James Collins, MIT, Cambridge used CRISPR to deliver drug molecules. They used water-filled polymers that are held together by strands of DNA, known as DNA hydrogels. To alter the properties of these materials, Collins's team used a form of CRISPR called Cas12a. (The gene-editor CRISPR–Cas9 uses the Cas9 enzyme to snip a DNA sequence at the desired point.) The Cas12a enzyme can be programmed to recognize a specific DNA sequence. The enzyme cuts its target DNA strand, then severs single strands of DNA nearby.

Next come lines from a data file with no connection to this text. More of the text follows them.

Lemma qm_cvg_integral_sqr_le dT (T : measurableType dT) (R : realType)
    (P : probability T R) (S : nat -> T -> R) (Y : T -> R) (A : R) :
  (forall n, measurable_fun setT (S n)) -> qm_cvg P S Y ->
  (forall n, (\int[P]_x (S n x ^+ 2)%:E <= A%:E)%E) ->
  (\int[P]_x (Y x ^+ 2)%:E <= (2 * A)%:E)%E.
Proof.
move=> mS [mY dist0] SA.
have bound_cvg : (2%:E * \int[P]_x ((S n x - Y x) ^+ 2)%:E + (2 * A)%:E)%E
    @[n --> \oo] --> (2 * A)%:E.
  rewrite -[X in _ --> X]add0e; apply: cvgeD => //; last exact: cvg_cst.
  by rewrite -(mule0 2%:E); exact: cvgeZl.
apply: cvge_ge bound_cvg; apply: nearW => n.
apply: le_trans (integral_sqr_le_split _ (mS n) mY) _.
by rewrite EFinM leeD2l // lee_wpmul2l ?lee_fin.
Qed.

Lemma periodic_le_sum_period (R : numDomainType) (sigma : int -> R) (p : nat) :
  (0 < p)%N -> (forall t, 0 <= sigma t) -> (forall t, sigma (t + p%:Z) = sigma t) ->
  forall t, sigma t <= \sum_(k < p) sigma k%:Z.
Proof.
move=> p_gt0 sigma_ge0 sigma_per t.
have pz_neq0 : p%:Z != 0 by rewrite eqz_nat -lt0n.
have shift t' (k : nat) : sigma (t' + k%:Z * p%:Z) = sigma t'.
  elim: k => [|k IH]; first by rewrite mul0r addr0.
  have -> : t' + k.+1%:Z * p%:Z = t' + k%:Z * p%:Z + p%:Z by lia.
  by rewrite sigma_per.
have sigma_mod : sigma t = sigma (t %% p)%Z.
  have t_eq := divz_eq t p%:Z; case: (t %/ p)%Z t_eq => [q|q] t_eq.
    by rewrite {1}t_eq addrC shift.
  rewrite -(shift _ q.+1); congr sigma; rewrite {1}t_eq NegzE; lia.
have r_ge0 : 0 <= (t %% p)%Z by exact: modz_ge0.
have r_lt : (`|(t %% p)%Z|%N < p)%N by rewrite -ltz_nat gez0_abs ?ltz_pmod ?ltz_nat.
rewrite sigma_mod -(gez0_abs r_ge0) (bigD1 (Ordinal r_lt)) //= lerDl.
exact: sumr_ge0.
Qed.

Lemma int_decomp_period (p : nat) (s : int) : (0 < p)%N ->
  exists2 i : nat, (1 <= i <= p)%N & exists m : int, s = i%:Z + p%:Z * m.
Proof.
move=> p_gt0; have pz_neq0 : p%:Z != 0 by rewrite eqz_nat -lt0n.
set r := ((s - 1) %% p%:Z)%Z.
have r_ge0 : 0 <= r by exact: modz_ge0.
have r_lt : r < p%:Z by rewrite ltz_pmod ?ltz_nat.
have r_abs : `|r|%N%:Z = r by rewrite gez0_abs.
have s_eq := divz_eq (s - 1) p%:Z.
exists `|r|%N.+1; first by apply/andP; split => //; lia.
by exists ((s - 1) %/ p%:Z)%Z; rewrite -/r in s_eq; lia.
Qed.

This property allowed the researchers to build a series of CRISPR-controlled hydrogels containing a target DNA sequence and single strands of DNA, which breaks up after Cas12a recognizes the target sequence in a stimulus. The break-up of the single DNA strands triggers the hydrogels to change shape or, in some cases, completely dissolve, releasing a payload.

The team created hydrogels programmed to release enzymes, drugs. the drugs are loaded inside a gel which was held in shape by DNA. This is a revolutionary discovery that will boost the science of drug delivery.

CRISPR cas12a is used to releases drugs at a target site.

References:

1. English, M. et al. Science 365, 780–785 (2019).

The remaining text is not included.